* _Task goal_
Of the lines below, count those containing the word "rewrite". Reply with the number alone.

* _Task material_

(* At a dead node conservation holds for every perturbation supported on the
   support of [x], so only conservation at alive nodes and the rows [Js] count
   as tight constraints. *)
Lemma multiflow_support_le :
  (\sum_(t in A) #|pos_edges (xt t)| <= \sum_(t in A) #|alive (root t) (xt t)| + #|Js|)%N.
Proof.
have x_ge0 i : 0 <= x i.
  case: i => [[t v] w]; have [tA | tA] := boolP (t \in A); last by rewrite x_off.
  by have [] := x_serves tA.
pose alive_rows := [set tv : T * V | (tv.1 \in A) && (tv.2 \in alive (root tv.1) (xt tv.1))].
pose c (j : (T * V) + J) := match j with
  | inl tv => conservation_row tv
  | inr j => edge_row (cedge j) (cw j) end.
have support_le : (#|[set i | (0 < x i)%R]| <= #|inl @: alive_rows :|: inr @: Js|)%N.
  apply: (extreme_point_support_le (c := c) x_vertex x_ge0) => y e e_gt0 y0 y_rows y_small.
  apply: x_perturb => // [t v tA vt | j Jsj].
    have [va | dead] := boolP (v \in alive (root t) (xt t)).
      apply/eqP; rewrite -subr_eq0; apply/eqP.
      rewrite -(sum_conservation_row (t, v)); apply: (y_rows (inl (t, v))).
      by rewrite in_setU imset_f // inE tA.
    have [out0 in0] := dead_node_flow0 (x_serves tA) vt dead.
    by rewrite !big1 // => ? _; apply: y0.
  by rewrite -sum_edge_row; apply: (y_rows (inr j)); rewrite in_setU imset_f ?orbT.
have support_ge : (\sum_(t in A) #|pos_edges (xt t)| <= #|[set i | (0 < x i)%R]|)%N.
  rewrite card_pair_fibres sum_pair [X in (_ <= X)%N](bigID (fun t => t \in A)) /=.
  apply: leq_trans (leq_addr _ _); apply: eq_leq; apply: eq_bigr => t _.
  by rewrite card_pair_fibres.
apply: leq_trans support_ge (leq_trans support_le _).
apply: leq_trans (leq_card_setU _ _).1 _.
rewrite !card_imset; [|exact: inr_inj | exact: inl_inj].
rewrite leq_add2r card_pair_fibres (bigID (fun t => t \in A)) /= [X in (_ + X)%N]big1 ?addn0.
  by apply: eq_leq; apply: eq_bigr => t tA; apply: eq_card => v; rewrite !inE tA.
by move=> t /negbTE tA; apply/eqP; rewrite cards_eq0; apply/eqP/setP => v; rewrite !inE tA.
Qed.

* _Exercise result_
12